The Federal Energy Regulatory Commission has been steadily moving away from light-handed regulation “to the other end of the spectrum with much heavier regulation. This is reflective of the public distrust of the energy market,” Carl Levander, vice president of NiSource’s Columbia pipelines, told attendees at the LDC Forum last week.

Levander, who directs Columbia’s regulatory and strategic initiatives, said the trend is because of the “tremendous political pressure” on FERC or anyone having to do with the energy industry. There will continue to be a push toward greater transparency in business decision-making and less discretionary areas where business can make its own decisions.

Kevin Madden, executive vice president of AGL Resources and former FERC general counsel, also commented on the government’s focus on monitoring, while ignoring the overall financial health of the industry. “Clearly, there has been no guidance from public policy makers, who are just focusing on policing efforts rather than stabilizing the market, as I think they should have. You should have policing, you should have monitoring to maintain public trust, but you have to, as a regulator, maintain the financial health of the industry.”

Madden pointed to the $170 billion of shareholders’ equity lost by 10 of the largest gas and power companies in the last 28 months.
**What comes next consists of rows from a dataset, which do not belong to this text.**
Lemma condIImaj_of_small_rest theta (J0 J1 : {set 'I_k}) : 1 / 2%:R <= theta ->
  [disjoint J0 & J1] ->
  (forall i, i \notin J0 :|: J1 -> alpha i <= 2%:R * theta - 1) ->
  alphaS alpha J0 + alphaS alpha J1 <= 3%:R - 4%:R * theta ->
  alphaS alpha J0 <= 1 - theta -> alphaS alpha J1 <= 1 - theta ->
  condIImaj alpha theta.
Proof.
move=> theta_ge J01 small K_le J0_le J1_le.
set K := J0 :|: J1.
have alphaK : alphaS alpha K = alphaS alpha J0 + alphaS alpha J1 by exact: alphaS_setU.
have [T TK /andP[T_lo T_hi]] : exists2 T : {set 'I_k}, T \subset ~: K &
    3%:R - 4%:R * theta - alphaS alpha K <= alphaS alpha T <=
    3%:R - 4%:R * theta - alphaS alpha K + (2%:R * theta - 1).
  apply: subset_sum_between => [| i | ]; first lra.
    by rewrite inE alpha_ge0 => /small.
  by rewrite -/(alphaS alpha (~: K)) alphaS_setC; apply/andP; split; lra.
have KT : [disjoint K & T] by rewrite disjoint_sym disjoints_subset.
have alphaKT : alphaS alpha (K :|: T) = alphaS alpha K + alphaS alpha T.
  exact: alphaS_setU.
have [J JS] : exists2 J : {set 'I_k}, J \subset K :|: T &
    `|2%:R * alphaS alpha J - alphaS alpha (K :|: T)| <= 2%:R * theta - 1.
  apply: (balanced_subset (J0 := J0) (J1 := J1)) => //.
  - lra.
  - exact: subsetUl.
  - by move=> i /setDP[_ /small].
  - rewrite alphaKT; lra.
  - rewrite alphaKT; lra.
move=> J_half; apply: (condIImaj_of_subset JS _ J_half).
by rewrite alphaKT; apply/andP; split; lra.
Qed.

Lemma condIImin_of_small_rest theta (J0 : {set 'I_k}) : 1 / 2%:R <= theta ->
  (forall i, i \notin J0 -> alpha i <= 2%:R * theta - 1) ->
  alphaS alpha J0 <= 1 - theta -> condIImin alpha theta.
Proof.
move=> theta_ge small J0_le.
have [J _] : exists2 J : {set 'I_k}, J \subset setT &
    `|2%:R * alphaS alpha J - alphaS alpha setT| <= 2%:R * theta - 1.
  apply: (balanced_subset (J0 := J0) (J1 := set0)).
  - lra.
  - by rewrite -setI_eq0 setI0.
  - exact: subsetT.
  - by move=> i; rewrite setU0 => /setDP[_ /small].
  - rewrite alphaS_setT; lra.
  - rewrite alphaS_set0 alphaS_setT; lra.
by rewrite alphaS_setT => /condIImin_of_half.
Qed.

Lemma condIImaj_of_small_outside theta (J0 : {set 'I_k}) : 1 / 2%:R <= theta ->
  (forall i, i \notin J0 -> alpha i <= 2%:R * theta - 1) ->
  alphaS alpha J0 <= 1 - theta -> alphaS alpha J0 <= 3%:R - 4%:R * theta ->
  condIImaj alpha theta.
Proof.
move=> theta_ge small J0_le1 J0_le3.
apply: (condIImaj_of_small_rest (J0 := J0) (J1 := set0)); rewrite ?setU0 ?alphaS_set0 ?addr0 //.
- by rewrite -setI_eq0 setI0.
- by have := alphaS_ge0 J0; lra.
Qed.

Lemma condI_or_condIImaj theta : 5%:R / 8%:R <= theta -> theta <= 2%:R / 3%:R ->
  condI alpha theta \/ condIImaj alpha theta.
Proof.
move=> theta_lo theta_hi.
have [|lt1] := condI_or_lt theta; [by left | right].
have [[x1 _ big1] | small0] := big_outside_or_small (2%:R * theta - 1) set0; last first.
  by apply: (condIImaj_of_small_outside _ small0); rewrite ?alphaS_set0; lra.
have [[x2 x2_new big2] | small1] := big_outside_or_small (2%:R * theta - 1) [set x1]; last first.
  by apply: (condIImaj_of_small_outside _ small1); rewrite ?alphaS_set1; have := lt1 x1; lra.
have x12 : x1 != x2 by rewrite eq_sym -in_set1.
have lt_x1 := lt1 x1; have lt_x2 := lt1 x2.
apply: (condIImaj_of_subset (subsetUl [set x1] [set x2])).
  by rewrite alphaS_set2 //; apply/andP; split; lra.
by rewrite alphaS_set1 alphaS_set2 // ler_norml; apply/andP; split; lra.
Qed.

Lemma condI_condI2_or_condIImin theta : 3%:R / 5%:R <= theta -> theta <= 1 ->
  condI alpha theta \/ condI2 alpha theta \/ condIImin alpha theta.
Proof.
move=> theta_lo theta_le1.
have [|lt1] := condI_or_lt theta; [by left | right].
have [|lt2] := pair_ge_or_lt (3%:R / 2%:R * (1 - theta)); [by left | right].
have [[x1 _ big1] | small0] := big_outside_or_small (2%:R * theta - 1) set0; last first.
  by apply: (condIImin_of_small_rest _ small0); rewrite ?alphaS_set0; lra.
have [[x2 x2_new big2] | small1] := big_outside_or_small (2%:R * theta - 1) [set x1]; last first.
  by apply: (condIImin_of_small_rest _ small1); rewrite ?alphaS_set1; have := lt1 x1; lra.
have x12 : x1 != x2 by rewrite eq_sym -in_set1.
have lt12 := lt2 _ _ x12.
apply: (@condIImin_of_half _ [set x1; x2]); rewrite alphaS_set2 // ler_norml.
by apply/andP; split; lra.
Qed.

Lemma condI_condI2maj_or_condIImaj theta :
  7%:R / 12%:R <= theta -> theta <= 3%:R / 5%:R ->
  condI alpha theta \/ condI2maj alpha theta \/ condIImaj alpha theta.
Proof.
move=> theta_lo theta_hi.
have [|lt1] := condI_or_lt theta; [by left | right].
have [|lt2] := pair_ge_or_lt (1 - theta); [by left | right].
have [[x1 _ big1] | small0] := big_outside_or_small (2%:R * theta - 1) set0; last first.
  by apply: (condIImaj_of_small_outside _ small0); rewrite ?alphaS_set0; lra.
have [[x2 x2_new big2] | small1] := big_outside_or_small (2%:R * theta - 1) [set x1]; last first.
  by apply: (condIImaj_of_small_outside _ small1); rewrite ?alphaS_set1; have := lt1 x1; lra.
have x12 : x1 != x2 by rewrite eq_sym -in_set1.
have lt12 := lt2 _ _ x12.
have [[x3 x3_new big3] | small2] := big_outside_or_small (2%:R * theta - 1) [set x1; x2]; last first.
  apply: (condIImaj_of_small_rest _ _ small2); rewrite ?disjoints1 ?in_set1 ?alphaS_set1 //;
    by have := lt1 x1; have := lt1 x2; lra.
have /andP[x31 x32] : (x3 != x1) && (x3 != x2) by rewrite -negb_or -!in_set1 -in_setU.
have lt13 := lt2 _ _ x31; have lt23 := lt2 _ _ x32; have lt3 := lt1 x3.
have [[x4 x4_new big4] | small3] := big_outside_or_small (2%:R * theta - 1) [set x1; x2; x3]; last first.
  apply: (condIImaj_of_small_rest _ _ small3); rewrite ?alphaS_set1 ?alphaS_set2 //;
    by [rewrite disjoint_sym disjoints1 | lra].
move: x4_new; rewrite !inE !negb_or => /andP[/andP[x41 x42] x43].
have x34 : x3 != x4 by rewrite eq_sym.
have lt34 := lt2 _ _ x34.
have alpha4 : alphaS alpha [set x1; x2; x3; x4] =
    alpha x1 + alpha x2 + (alpha x3 + alpha x4).
  rewrite alphaS_setU; last by rewrite disjoint_sym disjoints1 !inE !negb_or x41 x42.
  rewrite alphaS_setU; last by rewrite disjoint_sym disjoints1 !inE negb_or x31.
  by rewrite alphaS_set2 // !alphaS_set1 addrA.
apply: (@condIImaj_of_subset _ [set x1; x2; x3; x4] [set x1; x2]).
- by rewrite -setUA subsetUl.
- by rewrite alpha4; apply/andP; split; lra.
- by rewrite alpha4 alphaS_set2 // ler_norml; apply/andP; split; lra.
Qed.

Lemma condI2maj_or_condIImaj theta : k = 5%N -> 11%:R / 20%:R <= theta ->
  condI2maj alpha theta \/ condIImaj alpha theta.
Proof.
move=> k5 theta_lo.
have [|lt2] := pair_ge_or_lt (1 - theta); [by left | right].
have /card_gt0P [i0 _] : (0 < #|'I_k|)%N by rewrite card_ord k5.
have [m _ m_min] := arg_minP alpha (isT : xpredT i0).
have m_le : 5%:R * alpha m <= 1.
  have -> : 5%:R * alpha m = \sum_(i < k) alpha m.
    by rewrite sumr_const card_ord k5 mulr_natl.
  by rewrite -alpha_sum1; apply: ler_sum => i _; apply: m_min.
set S := [set~ m].
have cardS : #|S| = 4 by rewrite cardsC1 card_ord k5.
have [J JS cardJ] : exists2 J : {set 'I_k}, J \subset S & #|J| = 2.
  by apply: exists_subset_card; rewrite cardS.
have /cards2P [p [q [pq defJ]]] : #|J| == 2 by rewrite cardJ.
have /cards2P [r [s [rs defJ']]] : #|S :\: J| == 2.
  by rewrite cardsD (setIidPr JS) cardS cardJ.
have alphaS_S : alphaS alpha S = 1 - alpha m by rewrite alphaS_setC alphaS_set1.
have alphaS_J' := alphaS_setD JS.
rewrite defJ' alphaS_S defJ !alphaS_set2 // in alphaS_J'.
have ltpq := lt2 _ _ pq; have ltrs := lt2 _ _ rs.
apply: (condIImaj_of_subset JS).
  by rewrite alphaS_S; apply/andP; split; lra.
by rewrite alphaS_S defJ alphaS_set2 // ler_norml; apply/andP; split; lra.
Qed.

End Weights.

Theorem lemma2p20 (R : realFieldType) (k : nat) (alpha : 'I_k -> R) (theta : R) :
  (forall i, 0 <= alpha i) -> \sum_(i < k) alpha i = 1 ->
  1 / 3%:R <= theta -> theta <= 1 ->
  (theta = 5%:R / 8%:R ->
         condI alpha theta \/ condIImaj alpha theta) /\
      (3%:R / 5%:R <= theta ->
         condI alpha theta \/ condI2 alpha theta \/ condIImin alpha theta) /\
      (theta = 7%:R / 12%:R ->
         condI alpha theta \/ condI2maj alpha theta \/ condIImaj alpha theta) /\
      (k = 5%N -> theta = 11%:R / 20%:R ->
         condI2maj alpha theta \/ condIImaj alpha theta) /\
      ((k = 3%N \/ k = 4%N) -> 1 / 2%:R <= theta -> condI2maj alpha theta) /\
      (((k = 3%N /\ 5%:R / 9%:R <= theta) \/ (k = 2%N /\ 1 / 3%:R <= theta)) ->
         condI2 alpha theta).
Proof.
move=> alpha_ge0 alpha_sum1 theta_lo theta_hi.
split; first by move=> theta_eq; apply: condI_or_condIImaj; rewrite // theta_eq; lra.
split; first by move=> theta_ge; apply: condI_condI2_or_condIImin.
split; first by move=> theta_eq; apply: condI_condI2maj_or_condIImaj; rewrite // theta_eq; lra.
split; first by move=> k5 theta_eq; apply: condI2maj_or_condIImaj; rewrite // theta_eq; lra.
split.
  by move=> k34 theta_ge; apply: exists_pair_ge => //; case: k34 => ->; rewrite //; lra.
by move=> k23; apply: exists_pair_ge => //; case: k23 => -[-> theta_ge]; rewrite //; lra.
Qed.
He sees continued market and financial uncertainty looming for the next 12 to 18 months.

He was critical of the Commodity Futures Trading Commission for its broad and extensive investigations. “When are they going to look at stabilizing policies going forward, rather than hindsight of what happened.”

“My fear is that we might return to the 80s and have price re-regulation,” Madden said, advising that prospective price reporting requirements are going in that direction. “Where do they stop? Is there going be cost-based regulation for natural gas? I don’t want to see re-regulation by FERC.” He suggested that the industry move on its own and establish either an SRO or some independent third party to collect prices “and do it quickly” to fend off Commission action.

About 250 attended the three-day LDC Forum in Atlanta last week, sponsored by Interchange Energy.